Провозгласили несколько тостов, и друг моего детства взял свой бокал и, нагнувшись ко мне, тихо сказал:
– За здоровье вашей матушки!
Он смотрел мне прямо в глаза, и я отвечала ему так же тихо, взглядом искренней благодарности и дружеской улыбкой.
Через несколько минут я сказала громко:
– За здоровье мамы!
Все выпили. М. ловил мои малейшие движения и старался подделаться под мои мнения, мои вкусы, мои шутки. А я забавлялась тем, что изменяла их и конфузила его. Он все слушал меня и наконец воскликнул:
– Но она прелестна! – с такой искренностью и радостью, что мне самой это доставило удовольствие.
Тетя Надя вернулась в коляске с папа; я поехала к ней, и мы вдоволь наболтались.
– Милая Муся, – сказал дядя Александр, – ты меня восхищаешь; я в восторге от твоего поведения с твоими родителями и особенно с твоим отцом. Я боялся за тебя, но, если ты будешь так продолжать, все устроится хорошо, уверяю тебя!
– Да, – сказал Поль, – в один месяц ты покоришь отца, а это было бы счастьем для всех.
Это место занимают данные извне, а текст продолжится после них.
Lemma free_E_summand_minor (E : (M -> R) -> Prop) (N : M -> Prop) n :
  hom_submod E -> free_E_summand_in p E N n -> exists2 d, minor_dets E N n d & ~ p d.
Proof.
move=> [Elin _] [e [G [phi [eP [[_ [_ [G0 _]]] [eN [phiP [decomp decomp_uniq]]]]]]]].
have [ms msP] : exists ms : 'I_n -> M * R,
    forall j, N (ms j).1 /\ ~ p (ms j).2 /\ locM_eq p (e j) (ms j).
  apply: (choice (fun j (ms : M * R) => N ms.1 /\ ~ p ms.2 /\ locM_eq p (e j) ms)) => j.
  by have [m [s msP]] := eN j; exists (m, s).
pose f i := (phi i).1; pose m j := (ms j).1.
exists (\det (\matrix_(i, j) f i (m j))).
  by exists f, m; split=> // [i | j]; [case: (phiP i) | case: (msP j)].
have coord := free_summand_coord_dual eP G0 (fun i => proj2 (phiP i)) decomp decomp_uniq.
apply: (@det_notin_prime_of_loc_diag _ _ (fun j => (e j).2)
  (fun j => (ms j).2 * (phi j).2 * (e j).2)) => [j | j | i j].
- exact: eP.
- have [_ [pns _]] := msP j.
  by do 2?apply: (prime_notinM pprime) => //; [case: (phiP j) | exact: eP].
have [u [pnu uij]] := coord i j.
have [_ [_ /locM_eqP [v [pnv vj]]]] := msP j.
move/(congr1 (phi i).1): vj; rewrite !(linearRZ (Elin _ (proj1 (phiP i)))) => vj.
exists (u * v); split; first exact: prime_notinM.
rewrite /= in uij; rewrite mxE /f /m.
have -> : (ms j).2 * (phi j).2 * (e j).2 * (i == j)%:R =
    (ms j).2 * (phi i).2 * (e j).2 * (i == j)%:R.
  by case: (eqVneq i j) => [-> | _] //; rewrite !mulr0n !mulr0.
set Fe := (phi i).1 (e j).1 in uij vj *; set Fm := (phi i).1 (ms j).1 in vj *.
have -> : u * v * ((e j).2 * Fm - (ms j).2 * (phi i).2 * (e j).2 * (i == j)%:R) =
    u * (v * (e j).2 * Fm - v * (ms j).2 * Fe) +
    v * (ms j).2 * (u * (1 * Fe - (phi i).2 * (e j).2 * (i == j)%:R)) by ring.
by rewrite -vj subrr mulr0 uij mulr0 addr0.
Qed.
End FreeSummandMinor.

Section DualFamily.
Variables (R : comPzRingType) (M : lmodType R) (p : R -> Prop).
Hypothesis pprime : is_prime p.
Variables (n : nat) (h : 'I_n -> M -> R) (m : 'I_n -> M) (d : R).
Hypotheses (hlin : forall i, linearR (h i)) (pnd : ~ p d)
  (h_dual : forall i k, h i (m k) = d * (i == k)%:R).

Local Notation valid := (locM_valid p).
Local Notation e := (fun j => (m j, 1 : R)).
Local Notation phi := (fun i => (h i, d)).

Definition loc_kernel (x : M * R) : Prop :=
  ~ p x.2 /\ forall i, exists u, ~ p u /\ u * h i x.1 = 0.

Lemma loc_kernel_submod : loc_submod p loc_kernel.
Proof.
have pnM := prime_notinM pprime.
split; first by move=> x [].
split=> [x y [pnx xker] pny /locM_eqP [v [pnv xy]] | ].
  split=> // i; have [u [pnu ux]] := xker i.
  move/(congr1 (h i)): xy; rewrite !(linearRZ (hlin i)) => xy.
  exists (u * v * x.2); split; first exact: pnM (pnM _ _ pnu pnv) pnx.
  have -> : u * v * x.2 * h i y.1 = u * (v * x.2 * h i y.1) by ring.
  by rewrite -xy mulrCA -mulrA ux !mulr0.
split.
  split=> [|i]; first exact: prime_notin1.
  by exists 1; rewrite (linearR0 (hlin i)) mulr0; split=> //; exact: prime_notin1.
split=> [x y [pnx xker] [pny yker] | c x pnc [pnx xker]].
  split=> [|i]; first exact: pnM.
  have [[u [pnu ux]] [v [pnv vy]]] := (xker i, yker i).
  exists (u * v); split; first exact: pnM.
  rewrite /= (linearRD (hlin i)) !(linearRZ (hlin i)).
  have -> : u * v * (y.2 * h i x.1 + x.2 * h i y.1) =
    v * y.2 * (u * h i x.1) + u * x.2 * (v * h i y.1) by ring.
  by rewrite ux vy !mulr0 addr0.
split=> [|i]; first exact: pnM.
have [u [pnu ux]] := xker i; exists u; split=> //.
by rewrite /= (linearRZ (hlin i)) mulrCA ux mulr0.
Qed.

Lemma loc_app_dual_sum i (c : 'I_n -> R * R) : (forall k, locR_valid p (c k)) ->
  locM_eq p (locM_sum c (fun k => loc_app (h i) (e k))) ((c i).1 * d, (c i).2).
Proof.
move=> cP; apply: (locM_sum_single pprime (j := i)) => [k | k ki | ].
- by apply: (prime_notinM pprime); [exact: cP | exact: prime_notin1].
- apply/locM_eqP; exists 1; split; first exact: prime_notin1.
  by rewrite /= h_dual eq_sym (negbTE ki) mulr0n mulr0 !scaler0.
- apply/locM_eqP; exists 1; split; first exact: prime_notin1.
  by rewrite /= h_dual eqxx /= !mulr1 !mul1r.
Qed.

Lemma loc_app_dual_summand i (c : 'I_n -> R * R) g :
  (forall k, locR_valid p (c k)) -> loc_kernel g ->
  locM_eq p (loc_app (h i) (locM_add (locM_sum c e) g)) ((c i).1 * d, (c i).2).
Proof.
move=> cP [png gker]; rewrite loc_app_add ?loc_app_sum //.
apply: (locM_eq_trans pprime (y := @locM_add R R^o ((c i).1 * d, (c i).2) (@locM_zero R R^o))).
- by apply: (prime_notinM pprime); [exact: cP | exact: prime_notin1].
- apply: (locM_add_congr pprime); first exact: loc_app_dual_sum.
  have [u [pnu ug]] := gker i; apply/locM_eqP; exists u; split=> //.
  by rewrite /= scaler0 mulr1.
- exact: locM_addx0.
Qed.

Lemma dual_decomposition x : valid x -> exists g, loc_kernel g /\
  locM_eq p x (locM_add (locM_sum (fun i => Eapp (phi i) x) e) g).
Proof.
move=> pnx; set s := locM_sum _ e.
have pns : ~ p s.2.
  by apply: (locM_sum_valid pprime) => k; [apply: (prime_notinM pprime) | exact: prime_notin1].
exists (s.2 *: x.1 - x.2 *: s.1, x.2 * s.2); split.
  split=> [|i]; first exact: (prime_notinM pprime).
  have := @loc_app_dual_sum i (fun k => Eapp (phi k) x) (fun k => prime_notinM pprime pnd pnx).
  rewrite -loc_app_sum // => /locM_eqP [u [pnu us]].
  have {}us : u * (d * x.2) * h i s.1 = u * s.2 * (h i x.1 * d) := us.
  exists (u * d); split; first exact: (prime_notinM pprime).
  rewrite /= (linearRB (hlin i)) !(linearRZ (hlin i)).
  have -> : u * d * (s.2 * h i x.1 - x.2 * h i s.1) =
    u * s.2 * (h i x.1 * d) - u * (d * x.2) * h i s.1 by ring.
  by rewrite -us subrr.
apply/locM_eqP; exists 1; split; first exact: prime_notin1.
rewrite /= scalerBr !scalerA [s.2 * x.2]mulrC addrCA subrr addr0 scalerA.
by congr (_ *: _); ring.
Qed.

Lemma dual_decomposition_uniq (c c' : 'I_n -> R * R) g g' :
  (forall i, locR_valid p (c i) /\ locR_valid p (c' i)) -> loc_kernel g -> loc_kernel g' ->
  locM_eq p (locM_add (locM_sum c e) g) (locM_add (locM_sum c' e) g') ->
  forall i, locR_eq p (c i) (c' i).
Proof.
move=> cP gker g'ker cg_c'g' i.
have [pnc pnc'] := (fun k => proj1 (cP k), fun k => proj2 (cP k)).
have valid_sum (b : 'I_n -> R * R) f : (forall k, ~ p (b k).2) -> loc_kernel f ->
    ~ p (loc_app (h i) (locM_add (locM_sum b e) f)).2.
  move=> pnb [pnf _]; apply: (prime_notinM pprime) pnf.
  by apply: (locM_sum_valid pprime) => // k; exact: prime_notin1.
have /locM_eqP [u [pnu cc']] :
    @locM_eq R R^o p ((c i).1 * d, (c i).2) ((c' i).1 * d, (c' i).2).
  apply: (locM_eq_trans pprime (valid_sum c g pnc gker)).
    exact/locM_eq_sym/loc_app_dual_summand.
  apply: (locM_eq_trans pprime (valid_sum c' g' pnc' g'ker)); first exact: loc_app_eq.
  exact: loc_app_dual_summand.
have {}cc' : u * (c' i).2 * ((c i).1 * d) = u * (c i).2 * ((c' i).1 * d) := cc'.
exists (u * d); split; first exact: (prime_notinM pprime).
have -> : u * d * ((c' i).2 * (c i).1 - (c i).2 * (c' i).1) =
  u * (c' i).2 * ((c i).1 * d) - u * (c i).2 * ((c' i).1 * d) by ring.
by rewrite cc' subrr.
Qed.

Lemma dual_free_E_summand (E : (M -> R) -> Prop) (N : M -> Prop) :
  (forall i, E (h i)) -> (forall j, N (m j)) -> free_E_summand_in p E N n.
Proof.
move=> hE mN; exists e, loc_kernel, phi; split; first by move=> i; exact: prime_notin1.
split; first exact: loc_kernel_submod.
split.
  by move=> j; exists (m j), 1; do !split=> //; [exact: prime_notin1 | exact: locM_eq_refl].
split; first by move=> i; split; [exact: hE | exact: pnd].
by split; [exact: dual_decomposition | exact: dual_decomposition_uniq].
Qed.
End DualFamily.

Section MinorCharacterization.
Variables (R : comPzRingType) (M : lmodType R).

Lemma minor_free_E_summand p (E : (M -> R) -> Prop) (N : M -> Prop) n d :
  is_prime p -> hom_submod E -> minor_dets E N n d -> ~ p d -> free_E_summand_in p E N n.
Proof.
move=> pprime HE [f [m [fE mN ->]]] pnd.
set A := \matrix_(i, j) f i (m j).
pose h i x := \sum_(l < n) \adj A i l * f l x.
have hE i : E (h i) by apply: hom_submod_lincomb.
apply: (@dual_free_E_summand _ _ _ pprime _ h m (\det A)) => // [i | i k].
- exact: (proj1 HE) (hE i).
- have := congr1 (fun B : 'M[R]_n => B i k) (mul_adj_mx A).
  by rewrite !mxE mulr_natr /h => <-; apply: eq_bigr => l _; rewrite [A l k]mxE.
Qed.

Lemma free_E_summand_iff_minor p (E : (M -> R) -> Prop) (N : M -> Prop) n :
  is_prime p -> hom_submod E -> free_E_summand_in p E N n <-> ~ minor_dets E N n ⊆ p.
Proof.
move=> pprime HE; split=> [/(free_E_summand_minor pprime HE) [d Dd pnd] | Dnsub].
  by move/(_ d Dd).
apply: NNPP => nfree; apply: Dnsub => d Dd; apply: NNPP => pnd.
exact/nfree/(minor_free_E_summand pprime HE Dd pnd).
Qed.

Lemma det_eval_eq0 k (g : 'I_k -> M) n (f : 'I_n -> M -> R) (m : 'I_n -> M) :
  (forall x, exists c : 'I_k -> R, x = \sum_(l < k) c l *: g l) ->
  (forall i, linearR (f i)) -> (k < n)%N -> \det (\matrix_(i, j) f i (m j)) = 0.
Proof.
move=> gen flin kn.
have [c mc] := choice (fun j (c : 'I_k -> R) => m j = \sum_(l < k) c l *: g l)
  (fun j => gen (m j)).
(* Padding g with zeros makes the matrix factor through one with a zero column. *)
pose pad T (x0 : T) (t : 'I_k -> T) (l : nat) := if insub l is Some l' then t l' else x0.
have pad_in T x0 t (l : 'I_k) : pad T x0 t l = t l by rewrite /pad valK.
have pad_out T x0 t l : (k <= l)%N -> pad T x0 t l = x0.
  by move=> kl; rewrite /pad insubF // ltnNge kl.
have m_pad j : m j = \sum_(l < n) pad _ 0 (c j) l *: pad _ 0 g l.
  rewrite mc (eq_bigr (fun l : 'I_k => pad _ 0 (c j) l *: pad _ 0 g l)) => [|l _];
    last by rewrite !pad_in.
  rewrite (big_ord_widen n (fun l => pad _ 0 (c j) l *: pad _ 0 g l) (ltnW kn)) big_mkcond.
  by apply: eq_bigr => l _; case: ltnP => // /(pad_out _ 0 g) ->; rewrite scaler0.
have -> : \matrix_(i, j) f i (m j) =
    \matrix_(i < n, l < n) f i (pad _ 0 g l) *m \matrix_(l < n, j < n) pad _ 0 (c j) l.
  apply/matrixP => i j; rewrite !mxE m_pad (linearR_sum (flin i)).
  by apply: eq_bigr => l _; rewrite !mxE mulrC.
rewrite det_mulmx (expand_det_col _ (Ordinal kn)) big1 ?mul0r // => i _.
by rewrite mxE pad_out // (linearR0 (flin i)) mul0r.
Qed.

Lemma minor_dets_sub_prime p (E : (M -> R) -> Prop) (N : M -> Prop) k (g : 'I_k -> M) n :
  is_prime p -> hom_submod E -> (forall x, exists c : 'I_k -> R, x = \sum_(l < k) c l *: g l) ->
  (k < n)%N -> minor_dets E N n ⊆ p.
Proof.
move=> pprime [Elin _] gen kn d [f [m [fE _ ->]]].
by rewrite (det_eval_eq0 m gen) // => [|i]; [exact: prime_in0 | apply: Elin].
Qed.
End MinorCharacterization.

Lemma eq_delta (R : comPzRingType) (M : lmodType R) (p q : R -> Prop)
    (E : (M -> R) -> Prop) (S : M -> Prop) :
  (forall n, free_E_summand_in p E (Defs.span S) n <->
             free_E_summand_in q E (Defs.span S) n) ->
  delta p E S = delta q E S.
Proof.
move=> pq; rewrite /delta; congr (epsilon _ _).
apply: functional_extensionality => n; apply: propositional_extensionality.
by split=> -[free_n max_n]; split=> [|k /pq];
  [apply/pq | apply: max_n | apply/pq | apply: max_n].
Qed.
Отец взял комнату рядом со мной, направо, и в моей передней положил спать своего лакея.
– Надеюсь, что она в сохранности, – сказал он дяде. – Я веселый человек, но, когда мать поручает ее мне, я оправдаю ее доверие и свято исполню свой долг.
Вчера я взяла у отца 25 рублей и сегодня имела удовольствие возвратить их ему.
Мы уехали тем же порядком, как вчера.
Как только мы выехали в поле, отец спросил меня:
– Что же, мы будем еще сражаться сегодня?
– Сколько угодно.
Он обнял меня, завернул меня в свою шинель и положил мою голову к себе на плечо.
А я закрыла глаза – я всегда так делаю, когда хочу быть ласковой. Мы сидели так несколько минут.
– Теперь сядь прямо, – сказал отец.
– В таком случае дайте мне шинель, а то мне будет холодно.
Он укутал меня в шинель, и я начала рассказывать о Риме, о заграничной жизни, о светских удовольствиях, старалась доказать, что нам там было хорошо, говорила о г-не Фаллу, о бароне Висконти, о папе. Я заговорила о полтавском обществе:
– Проводить жизнь за картами… Разоряться в глуши провинции на шампанское в трактирах! Погрязнуть, заплесневеть!.. Что бы ни было, всегда следует быть в хорошем обществе.
– Ты, кажется, намекаешь на то, что я в дурном обществе, – сказал он смеясь.
– Я? Нисколько, я говорю вообще, ни о ком особенно.
Мы договорились до того, что он спросил, сколько может стоить в Ницце большое помещение, где бы можно было устраивать празднества.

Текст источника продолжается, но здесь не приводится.